Depending on your analysis, you may wish to download a number of data files to your hard disk. This can save time when working on large scale projects. In addition, downloading and saving the raw data files used in your analysis can support future reproduction. Should files on the server be revised or modified, you will have a copy of the files as they existed at the time of your original analysis.
You can also download the dictionary files that accompany each
complete data file. While iped_dict()
provides useful
information, the full data files may contain more detailed definitions
and distributional information (e.g., frequencies, means,
etc.).
ipeds_download_to_disk()
To download either complete data files or the accompanying dictionary
files, use the ipeds_download_to_disk()
function.
There are two basic ways to download the files:
- Using file names directly
- Using results from the helper function
ipeds_file_table()
Using file names
If you know the file names you need, you can use them directly. Be
sure to give a local directory for the download. If the directory
doesn’t exist, R will try to create it, unless you set
create_dir = FALSE
.
## single file to current working directory
ipeds_download_to_disk(to_dir = ".", files = "IC2022")

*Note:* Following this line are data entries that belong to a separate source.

(* Let $\Gamma$ be a finite metric tree and let $f\colon\Gamma\to[0,\infty)$ be a continuous edge-linear function. If $f=\sum_\alpha f_\alpha$ is a unimodal decomposition of $f$, then there is a unimodal decomposition $f=\sum_\alpha g_\alpha$ with the same number of components in which every component $g_\alpha$ is edge-linear.
   Context: A finite metric tree $\Gamma$ is a compact contractible 1-dimensional metric space stratified into finitely many vertices and open edges. A function is edge-linear if its restriction to each edge is affine with respect to the edge's metric. A continuous function $u\colon\Gamma\to[0,\infty)$ with maximal value $M$ is unimodal if its upper excursion sets $u^{-1}([c,\infty))$ are contractible for all $0<c\le M$ (and empty for $c>M$). A unimodal decomposition of $f$ is a finite family of unimodal functions whose pointwise sum is $f$. *)

From HB Require Import structures.
From mathcomp Require Import all_boot all_order all_algebra.
From mathcomp Require Import all_classical all_reals all_analysis.
Unset Printing Implicit Defensive.
Import Order.TTheory GRing.Theory Num.Theory.
Import numFieldNormedType.Exports.
Local Open Scope classical_set_scope.
Local Open Scope ring_scope.

(* A combinatorial tree on the vertex set 'I_n (n > 0): a symmetric,
   irreflexive, connected edge relation with exactly n-1 (undirected) edges,
   i.e. 2(n-1) ordered pairs. *)
Definition is_tree (n : nat) (E : rel 'I_n) : Prop :=
  (0 < n)%N /\ symmetric E /\ irreflexive E /\
  (forall i j, connect E i j) /\
  #|[set p : 'I_n * 'I_n | E p.1 p.2]| = (2 * n.-1)%N.

Definition bvec (R : realType) (n : nat) (i : 'I_n) : 'rV[R]_n :=
  \row_k (k == i)%:R.

(* The point of the edge {i,j} at parameter t in [0,1] (affine in t, hence
   affine in the arclength coordinate of the edge, whatever its length). *)
Definition edge_pt (R : realType) (n : nat) (i j : 'I_n) (t : R) : 'rV[R]_n :=
  (1 - t) *: bvec R n i + t *: bvec R n j.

Note that you do not need to specify the file ending, only the file
stub name. Whichever files you choose, you will end up with a zip file
(<file_stub_name.zip>: IC2022.zip
) that contains:
- The CSV file (typically lowercase):
ic2022.csv
- A revised version of the file, if one exists, ending in
*_rv
:ic2022_rv.csv
You can pass an object with vector of names.

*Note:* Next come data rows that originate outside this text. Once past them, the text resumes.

Lemma LIE_bounded t k : 0 <= t <= T -> 1 <= k ->
  `|esup t - LIE k tau x t| <= 2 * M + `|ln tau|.
Proof.
move=> t0T k1; rewrite ess_sup_on_seg.
have muW_gt0 : (0 < mu `[(t - tau)%R, t]%classic)%E by rewrite window_measure lte_fin.
have muW_lty : (mu `[(t - tau)%R, t]%classic < +oo)%E by rewrite window_measure ltry.
have := log_int_exp_bounded (measurable_itv _) muW_gt0 muW_lty (measurable_window t0T).
by move=> /(_ _ (bounded_window t0T) _ k1); rewrite window_measure.
Qed.

Lemma measurable_LIE_on k : measurable_fun `[0, T] (LIE k tau x).
Proof.
have mxT : measurable_fun setT (x \_ `[- tau, T]).
  apply/(measurable_restrictT _ _).1; first exact: measurable_itv.
  exact: measurable_fun_itv_cc mx.
apply: eq_measurable_fun (measurable_funS _ _ (measurable_LIE k tau mxT)) => //.
by move=> t /[!inE] /=; rewrite in_itv /= => t0T; apply/LIE_patch/window_sub.
Qed.

Lemma measurable_esup : measurable_fun `[0, T] (fun t => esup t).
Proof.
apply: (measurable_fun_cvg (h := fun n t => LIE n%:R tau x t)) => [n|t].
  exact: measurable_LIE_on.
by rewrite /= in_itv /= => /cvg_LIE/cvg_pinftyP; apply; exact: cvgr_idn.
Qed.

Lemma cvg_seq_integral_LIE (p : R) (u : R^nat) : 0 < p -> u n @[n --> \oo] --> +oo ->
  (\int[mu]_(t in `[0%R, T]%classic) ((`|esup t - LIE (u n) tau x t|) `^ p)%R%:E)%E
    @[n --> \oo] --> 0%E.
Proof.
move=> p0 u_oo; pose v n := Num.max (u n) 1.
have v1 n : 1 <= v n by rewrite le_max lexx orbT.
have vu : \forall n \near \oo, v n = u n.
  by move/cvgryPge : u_oo => /(_ 1); apply: filterS => n /max_l.
have v_oo : v n @[n --> \oo] --> +oo.
  apply/cvgryPge => B; move/cvgryPge: u_oo => /(_ B); apply: filterS => n uB.
  by rewrite le_max uB.
pose C := 2 * M + `|ln tau|.
have measurable_dist n : measurable_fun `[0, T]%classic
    (fun t => ((`|esup t - LIE (v n) tau x t|) `^ p)%:E).
  apply/measurable_EFinP; apply: measurableT_comp (measurable_powR p) _.
  apply: measurableT_comp (@normr_measurable R setT) _.
  by apply: measurable_funB; [exact: measurable_esup | exact: measurable_LIE_on].
have cvg_dist t : `[0, T]%classic t ->
    (fun n => ((`|esup t - LIE (v n) tau x t|) `^ p)%:E) @ \oo --> 0%E.
  rewrite /= in_itv /= => t0T; apply: cvg_EFin; first exact: nearW.
  by apply: cvg_powR_dist0 p0 _; move/cvg_pinftyP: (cvg_LIE t0T); apply.
have dominated n t : `[0, T]%classic t ->
    (`|((`|esup t - LIE (v n) tau x t|) `^ p)%:E| <= (C `^ p)%:E)%E.
  rewrite /= in_itv /= => t0T; have bnd := LIE_bounded t0T (v1 n).
  rewrite lee_fin ger0_norm ?powR_ge0 //.
  by apply: ge0_ler_powR; rewrite ?nnegrE ?(ltW p0) // (le_trans _ bnd).
have bound_fin t : `[0%R, T]%classic t -> cst (C `^ p)%:E t \is a fin_num by [].
have := dominated_cvg (mu := mu) (measurable_itv _) measurable_dist cvg_dist
  bound_fin (integrable_cst_itv _ _ _) dominated.
rewrite integral0; apply: cvg_trans; apply: near_eq_cvg.
by move: vu; apply: filterS => n vun; rewrite /= vun.
Qed.

End LIE_cvg.

Theorem lemma4p4 (R : realType) (T tau : R) (x : R -> R)
  (hT : 0 < T) (htau : 0 < tau)
  (xmeas : measurable_fun `]- tau, T[%classic x)
  (xbnd : exists M : R,
     {ae (@lebesgue_measure R), forall s, `]- tau, T[%classic s -> `|x s| <= M})
  (p : R) (hp : 1 <= p) :
  (\int[@lebesgue_measure R]_(t in `[0%R, T]%classic)
      ((`| fine (ess_sup_on `[0%R, tau]%classic (seg x t)) - LIE k tau x t |)
         `^ p)%R%:E)%E
    @[k --> +oo] --> 0%E.
Proof.
case: xbnd => M x_bnd; apply/cvge_pinftyP => u u_oo.
exact: (cvg_seq_integral_LIE htau xmeas x_bnd (lt_le_trans ltr01 hp) u_oo).
Qed.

## multiple files stored in object
files_to_get <- c("IC2020", "IC2021", "IC2022")
ipeds_download_to_disk(to_dir = ".", files = files_to_get)

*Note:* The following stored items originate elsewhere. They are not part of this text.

Definition primitive (x : tree -> rat) : Prop :=
  finsupp x /\
  forall a b : tree,
    delta 1 x [:: a; b] = x a * (b == Leaf)%:R + (a == Leaf)%:R * x b.

Fixpoint under (s t : tree) : tree :=
  if s is Node sl sr then Node sl (under sr t) else t.

Definition progressive (t : tree) : bool :=
  if t is Node _ Leaf then true else false.

Definition in_Yk (k : nat) (t : tree) : Prop :=
  exists ps : seq tree,
    [/\ size ps = k, all progressive ps & foldr under Leaf ps = t].

(** finite linear combination sum_t c t * f t, where c vanishes on degrees > N *)
Definition lincomb (N : nat) (c : tree -> rat) (f : tree -> tree -> rat) : tree -> rat :=
  fun s => \sum_(t <- trees_upto N) c t * f t s.

Definition is_basis (P : (tree -> rat) -> Prop) (I : tree -> Prop)
    (f : tree -> tree -> rat) : Prop :=
  [/\ (forall t, I t -> P (f t)),
      (forall (N : nat) (c : tree -> rat),
          (forall t, (N < tsize t)%N -> c t = 0) ->
          (forall t, c t != 0 -> I t) ->
          lincomb N c f =1 (fun _ => 0) -> forall t, c t = 0)
    & (forall x, P x -> exists (N : nat) (c : tree -> rat),
          [/\ (forall t, (N < tsize t)%N -> c t = 0),
              (forall t, c t != 0 -> I t)
            & x =1 lincomb N c f])].

From mathcomp Require Import all_boot all_algebra zify.
Set Implicit Arguments. Unset Strict Implicit. Unset Printing Implicit Defensive.
Import GRing.Theory.

(* Write [Mcoord x t = sum_(s <= t) x_s] for the coefficient of [M_t] in [x].  Splitting a
   tree at a leaf is a Galois connection for the Tamari order: [t <= a \ b] iff the two halves
   of [t] split at leaf [tsize a] lie below [a] and [b].  Hence summing [Delta^(k) x] over all
   tuples below [(u_0, ..., u_k)] gives [Mcoord x (u_0 \ ... \ u_k)], i.e. in the M-basis the
   iterated coproduct deconcatenates progressive components.  If [t] has at most [k]
   components it is not a product of [k + 1] trees different from [|], so [Delta^(k) M_t]
   vanishes on leafless tuples and [M_t] lies in [C^k].  Conversely, for [x] in [C^k] and [t]
   with more than [k] components, cutting [t] into [k + 1] nontrivial pieces shows
   [Mcoord x t = 0].  Primitive elements are the elements of [C^1] vanishing at [|]. *)

Inductive tamari : tree -> tree -> Prop :=
| tamari_refl t : tamari t t
| tamari_step t u s : u \in rot1 t -> tamari u s -> tamari t s.

(* Strictly increased by every rotation, which gives antisymmetry of the Tamari order. *)
Fixpoint rot_weight (t : tree) : nat :=
  if t is Node l r then rot_weight l + rot_weight r + tsize r else 0.

Lemma rot1_tsize t u : u \in rot1 t -> tsize u = tsize t.
Proof.
elim: t u => [|l IHl r IHr] u //=; rewrite !mem_cat => /or3P [H|H|H].
- by case: l IHl H => // a b _; rewrite inE => /eqP -> /=; lia.
- by case/mapP: H => l' /IHl H ->/=; rewrite H.
- by case/mapP: H => r' /IHr H ->/=; rewrite H.
Qed.

Lemma rot1_weight t u : u \in rot1 t -> rot_weight t < rot_weight u.
Proof.
elim: t u => [|l IHl r IHr] u //=; rewrite !mem_cat => /or3P [H|H|H].
- by case: l IHl H => // a b _; rewrite inE => /eqP -> /=; lia.
- by case/mapP: H => l' /IHl H ->/=; lia.
- by case/mapP: H => r' H ->/=; have := IHr _ H; rewrite (rot1_tsize H); lia.
Qed.

Lemma tamari_trans a b c : tamari a b -> tamari b c -> tamari a c.
Proof. by elim=> // t u s H _ IH /IH; apply: tamari_step. Qed.

Lemma tamari_rot1 t u : u \in rot1 t -> tamari t u.
Proof. by move=> H; apply: tamari_step H (tamari_refl _). Qed.

Lemma tamari_tsize t s : tamari t s -> tsize t = tsize s.
Proof. by elim=> // t0 u s0 /rot1_tsize ->. Qed.

Lemma tamari_weight t s : tamari t s -> t <> s -> rot_weight t < rot_weight s.
Proof.
elim=> // t0 u s0 /rot1_weight Htu _ IH _.
by case: (eqVneq u s0) => [<- //|/eqP /IH]; lia.
Qed.

Lemma tamari_weight_le t s : tamari t s -> rot_weight t <= rot_weight s.
Proof. by move=> H; case: (eqVneq t s) => [-> //|/eqP /(tamari_weight H)/ltnW]. Qed.

Lemma tamari_anti t s : tamari t s -> tamari s t -> t = s.
Proof.
move=> Hts Hst; case: (eqVneq t s) => [//|/eqP ne].
by have := tamari_weight Hts ne; have := tamari_weight_le Hst; lia.
Qed.

Lemma tamari_nodel l l' r : tamari l l' -> tamari (Node l r) (Node l' r).
Proof.
elim=> [t|t u s H _ IH]; first exact: tamari_refl.
apply: tamari_step IH; rewrite /= !mem_cat; apply/or3P/Or32.
by apply/mapP; exists u.
Qed.

Lemma tamari_noder l r r' : tamari r r' -> tamari (Node l r) (Node l r').
Proof.
elim=> [t|t u s H _ IH]; first exact: tamari_refl.
apply: tamari_step IH; rewrite /= !mem_cat; apply/or3P/Or33.
by apply/mapP; exists u.
Qed.

Lemma tamari_rot a b c : tamari (Node (Node a b) c) (Node a (Node b c)).
Proof. by apply: tamari_rot1; rewrite /= inE eqxx. Qed.

Fixpoint height (t : tree) : nat :=
  if t is Node l r then (maxn (height l) (height r)).+1 else 0.

Lemma height_tsize t : height t <= tsize t.
Proof. by elim: t => //= l IHl r IHr; lia. Qed.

The zipped version of each of these files will be downloaded to the
to_dir
.
Using results from helper function
ipeds_file_table()
If you don’t know the specific file names or simply want to download
a larger number of files without listing them all, you can use results
from ipeds_file_table()
.
For example, if you want to download all files associated with 2020,
you can filter the results of ipeds_file_table()
to that
year:
## save results from ipeds_file_table() to object
dict <- ipeds_file_table()
## pull all files from 2020
ipeds_download_to_disk(".", use_ipeds_dict = dict[dict$year == 2020,])
Note that for files with academic year naming conventions (e.g., 9899), the fall semester is the year associated with the file: 2020 will select 20-21 files.
You can also filter on other values. Broadly, IPEDS survey components fall into a few categories. You can filter to return all Institutional Characteristics survey files:
## download all surveys under the Institutional Characteristics category
ipeds_download_to_disk(".", use_ipeds_dict = dict[dict$survey == "Institutional Characteristics",])
You can filter by key words in the survey titles. For example, if you want to save all files related to directory information:
## download using regular expressions to grab files with "Directory" in title
ipeds_download_to_disk(".", use_ipeds_dict = dict[grepl("Directory", dict$title),])
Finally, you can download the entirety of IPEDS if you use
ipeds_file_table()
with no filter:
## download all files
ipeds_download_to_disk(".", use_ipeds_dict = dict)
Note, however, that IPEDS is very large. It both will take a while to download and take up substantial disk space (> 1GB as of January 2025).
Dictionary files
Download accompanying dictionary files by setting
type = "dictionary"
:
## get dictionary file
ipeds_download_to_disk(".", "IC2020", type = "dictionary")
These files will be named using the stub name plus
*_Dict
ending and also stored inside a zip directory:
e.g., IC2020_Dict.zip
.
Overwrite
By default, ipeds_download_to_disk()
won’t overwrite
existing files. This is to save time and bandwidth. If you wish to
download all input files, set overwrite = TRUE
:
## overwrite
files_to_get <- c("IC2020", "IC2021", "IC2022")
ipeds_download_to_disk(to_dir = ".", files = files_to_get, overwrite = TRUE)